(Records for processing Opens)

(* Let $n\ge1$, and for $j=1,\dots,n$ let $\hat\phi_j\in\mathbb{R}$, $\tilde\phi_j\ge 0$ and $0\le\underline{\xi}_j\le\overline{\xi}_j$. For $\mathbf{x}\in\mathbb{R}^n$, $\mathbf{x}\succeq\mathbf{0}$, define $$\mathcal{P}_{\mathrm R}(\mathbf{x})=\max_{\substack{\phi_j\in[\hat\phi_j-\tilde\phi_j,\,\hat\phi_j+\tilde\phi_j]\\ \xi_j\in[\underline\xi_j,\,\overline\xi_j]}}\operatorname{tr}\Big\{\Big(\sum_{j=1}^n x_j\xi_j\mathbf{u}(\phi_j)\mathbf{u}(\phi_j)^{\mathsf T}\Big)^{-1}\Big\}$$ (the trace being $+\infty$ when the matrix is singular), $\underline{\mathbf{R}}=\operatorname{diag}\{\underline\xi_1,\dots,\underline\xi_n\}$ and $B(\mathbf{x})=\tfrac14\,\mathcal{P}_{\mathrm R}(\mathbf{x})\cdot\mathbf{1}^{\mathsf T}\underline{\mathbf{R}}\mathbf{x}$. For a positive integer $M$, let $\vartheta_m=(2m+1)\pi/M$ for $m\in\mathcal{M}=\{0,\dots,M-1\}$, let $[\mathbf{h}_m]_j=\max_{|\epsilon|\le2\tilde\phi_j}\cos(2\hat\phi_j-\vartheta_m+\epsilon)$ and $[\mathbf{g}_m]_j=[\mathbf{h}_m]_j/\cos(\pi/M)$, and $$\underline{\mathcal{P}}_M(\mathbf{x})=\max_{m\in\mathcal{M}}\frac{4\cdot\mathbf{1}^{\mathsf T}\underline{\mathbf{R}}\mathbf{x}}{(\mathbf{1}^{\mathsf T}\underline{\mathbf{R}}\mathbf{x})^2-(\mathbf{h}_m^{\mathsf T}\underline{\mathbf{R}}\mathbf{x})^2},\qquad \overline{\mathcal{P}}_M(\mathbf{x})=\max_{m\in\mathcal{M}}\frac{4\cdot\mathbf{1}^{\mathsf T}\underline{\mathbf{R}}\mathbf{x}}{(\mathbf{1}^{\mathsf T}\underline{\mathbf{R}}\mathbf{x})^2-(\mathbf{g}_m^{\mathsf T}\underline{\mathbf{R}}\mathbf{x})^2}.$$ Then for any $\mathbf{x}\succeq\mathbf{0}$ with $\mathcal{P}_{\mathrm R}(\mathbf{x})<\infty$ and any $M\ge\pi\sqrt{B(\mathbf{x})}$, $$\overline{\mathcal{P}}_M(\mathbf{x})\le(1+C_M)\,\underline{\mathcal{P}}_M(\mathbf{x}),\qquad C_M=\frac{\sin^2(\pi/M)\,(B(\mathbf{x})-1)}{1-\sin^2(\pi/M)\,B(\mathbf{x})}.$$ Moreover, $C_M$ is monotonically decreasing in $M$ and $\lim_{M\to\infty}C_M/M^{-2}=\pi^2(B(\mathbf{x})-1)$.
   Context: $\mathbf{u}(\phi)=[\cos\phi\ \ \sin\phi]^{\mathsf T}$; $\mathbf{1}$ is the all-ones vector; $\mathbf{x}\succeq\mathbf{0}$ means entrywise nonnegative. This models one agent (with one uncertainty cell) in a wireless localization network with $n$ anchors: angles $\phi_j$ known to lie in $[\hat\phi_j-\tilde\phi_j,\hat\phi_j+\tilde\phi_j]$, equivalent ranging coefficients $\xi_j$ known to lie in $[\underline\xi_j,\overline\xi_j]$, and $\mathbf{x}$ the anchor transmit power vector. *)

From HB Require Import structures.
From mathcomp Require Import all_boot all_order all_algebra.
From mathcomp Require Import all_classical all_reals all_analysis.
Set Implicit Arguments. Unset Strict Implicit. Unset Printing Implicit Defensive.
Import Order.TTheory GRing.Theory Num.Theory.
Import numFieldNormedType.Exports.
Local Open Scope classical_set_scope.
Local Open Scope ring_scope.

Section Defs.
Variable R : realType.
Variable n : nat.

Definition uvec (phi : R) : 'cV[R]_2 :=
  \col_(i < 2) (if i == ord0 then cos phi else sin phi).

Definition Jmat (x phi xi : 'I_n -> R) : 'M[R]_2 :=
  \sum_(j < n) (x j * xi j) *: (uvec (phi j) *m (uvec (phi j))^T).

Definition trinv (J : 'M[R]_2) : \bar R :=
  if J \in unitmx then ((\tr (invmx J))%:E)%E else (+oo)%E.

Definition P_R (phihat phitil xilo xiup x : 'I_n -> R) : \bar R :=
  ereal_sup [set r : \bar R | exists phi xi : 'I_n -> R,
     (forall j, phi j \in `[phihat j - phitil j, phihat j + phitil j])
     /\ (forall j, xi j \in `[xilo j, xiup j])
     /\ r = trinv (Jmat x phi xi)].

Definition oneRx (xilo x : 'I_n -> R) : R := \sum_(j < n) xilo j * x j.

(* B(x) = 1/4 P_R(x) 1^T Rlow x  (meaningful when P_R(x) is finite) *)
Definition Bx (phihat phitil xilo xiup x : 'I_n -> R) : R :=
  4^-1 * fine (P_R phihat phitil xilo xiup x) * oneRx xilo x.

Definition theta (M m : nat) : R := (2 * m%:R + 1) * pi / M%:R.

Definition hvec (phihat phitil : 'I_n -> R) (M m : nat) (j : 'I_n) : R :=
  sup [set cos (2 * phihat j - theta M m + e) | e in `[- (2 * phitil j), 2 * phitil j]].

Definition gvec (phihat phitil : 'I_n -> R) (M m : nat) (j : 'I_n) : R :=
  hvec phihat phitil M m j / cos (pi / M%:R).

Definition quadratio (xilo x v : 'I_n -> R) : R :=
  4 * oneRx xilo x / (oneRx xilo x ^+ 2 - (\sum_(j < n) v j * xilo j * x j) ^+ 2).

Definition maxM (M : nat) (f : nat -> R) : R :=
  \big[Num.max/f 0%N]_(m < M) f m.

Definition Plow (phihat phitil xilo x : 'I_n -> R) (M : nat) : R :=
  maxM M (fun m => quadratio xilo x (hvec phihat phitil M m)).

(Records for processing Closes)
(Records for processing Opens)

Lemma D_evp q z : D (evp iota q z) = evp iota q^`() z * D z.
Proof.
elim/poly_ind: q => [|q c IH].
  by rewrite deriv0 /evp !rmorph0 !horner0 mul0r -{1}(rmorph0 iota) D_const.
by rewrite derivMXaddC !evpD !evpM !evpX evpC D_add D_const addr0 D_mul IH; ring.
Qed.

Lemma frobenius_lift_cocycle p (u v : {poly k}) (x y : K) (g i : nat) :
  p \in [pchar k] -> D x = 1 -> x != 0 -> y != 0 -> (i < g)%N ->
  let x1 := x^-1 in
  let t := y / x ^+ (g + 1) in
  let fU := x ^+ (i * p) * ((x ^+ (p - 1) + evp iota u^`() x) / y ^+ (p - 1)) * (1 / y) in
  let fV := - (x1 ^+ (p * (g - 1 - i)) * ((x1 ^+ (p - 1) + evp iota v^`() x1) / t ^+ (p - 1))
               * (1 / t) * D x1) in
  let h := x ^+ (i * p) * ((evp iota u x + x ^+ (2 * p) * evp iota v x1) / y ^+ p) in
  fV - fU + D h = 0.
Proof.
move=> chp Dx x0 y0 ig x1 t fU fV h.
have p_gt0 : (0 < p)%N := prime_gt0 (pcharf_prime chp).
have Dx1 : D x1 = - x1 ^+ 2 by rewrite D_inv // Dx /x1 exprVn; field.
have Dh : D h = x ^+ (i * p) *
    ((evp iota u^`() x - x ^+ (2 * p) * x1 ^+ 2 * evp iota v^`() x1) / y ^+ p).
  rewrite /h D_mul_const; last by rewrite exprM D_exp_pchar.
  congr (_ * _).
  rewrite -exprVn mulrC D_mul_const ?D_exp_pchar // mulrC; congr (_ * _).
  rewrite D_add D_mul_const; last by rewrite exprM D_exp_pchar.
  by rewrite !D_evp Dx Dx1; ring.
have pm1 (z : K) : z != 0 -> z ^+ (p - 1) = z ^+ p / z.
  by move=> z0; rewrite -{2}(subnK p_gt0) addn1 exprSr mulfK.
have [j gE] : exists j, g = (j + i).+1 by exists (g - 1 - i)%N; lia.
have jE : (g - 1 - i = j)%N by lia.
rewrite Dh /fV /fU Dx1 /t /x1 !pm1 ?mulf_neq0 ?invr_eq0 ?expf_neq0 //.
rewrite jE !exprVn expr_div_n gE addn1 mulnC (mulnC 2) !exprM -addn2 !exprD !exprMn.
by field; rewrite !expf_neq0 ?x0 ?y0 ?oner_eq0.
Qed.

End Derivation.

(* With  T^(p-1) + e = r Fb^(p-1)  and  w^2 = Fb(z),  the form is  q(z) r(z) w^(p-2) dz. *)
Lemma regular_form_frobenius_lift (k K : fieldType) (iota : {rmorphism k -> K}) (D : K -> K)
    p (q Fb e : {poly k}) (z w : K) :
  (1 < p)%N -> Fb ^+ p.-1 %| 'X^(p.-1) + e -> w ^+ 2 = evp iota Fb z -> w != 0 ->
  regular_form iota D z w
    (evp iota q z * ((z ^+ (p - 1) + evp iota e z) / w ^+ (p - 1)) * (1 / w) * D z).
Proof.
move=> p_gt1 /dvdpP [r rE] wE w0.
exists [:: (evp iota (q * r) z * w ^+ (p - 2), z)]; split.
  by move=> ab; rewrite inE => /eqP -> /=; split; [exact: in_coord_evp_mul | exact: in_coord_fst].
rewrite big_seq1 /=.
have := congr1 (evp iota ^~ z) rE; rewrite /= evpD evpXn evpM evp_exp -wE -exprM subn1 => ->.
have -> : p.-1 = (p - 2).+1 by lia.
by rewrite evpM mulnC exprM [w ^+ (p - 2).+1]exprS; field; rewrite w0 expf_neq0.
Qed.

(Records for processing Closes)

## [Instructions for the task]
Collect the lines of the records that include the string "trinv".

## [Result of this exercise]
Definition trinv (J : 'M[R]_2) : \bar R :=
     /\ r = trinv (Jmat x phi xi)].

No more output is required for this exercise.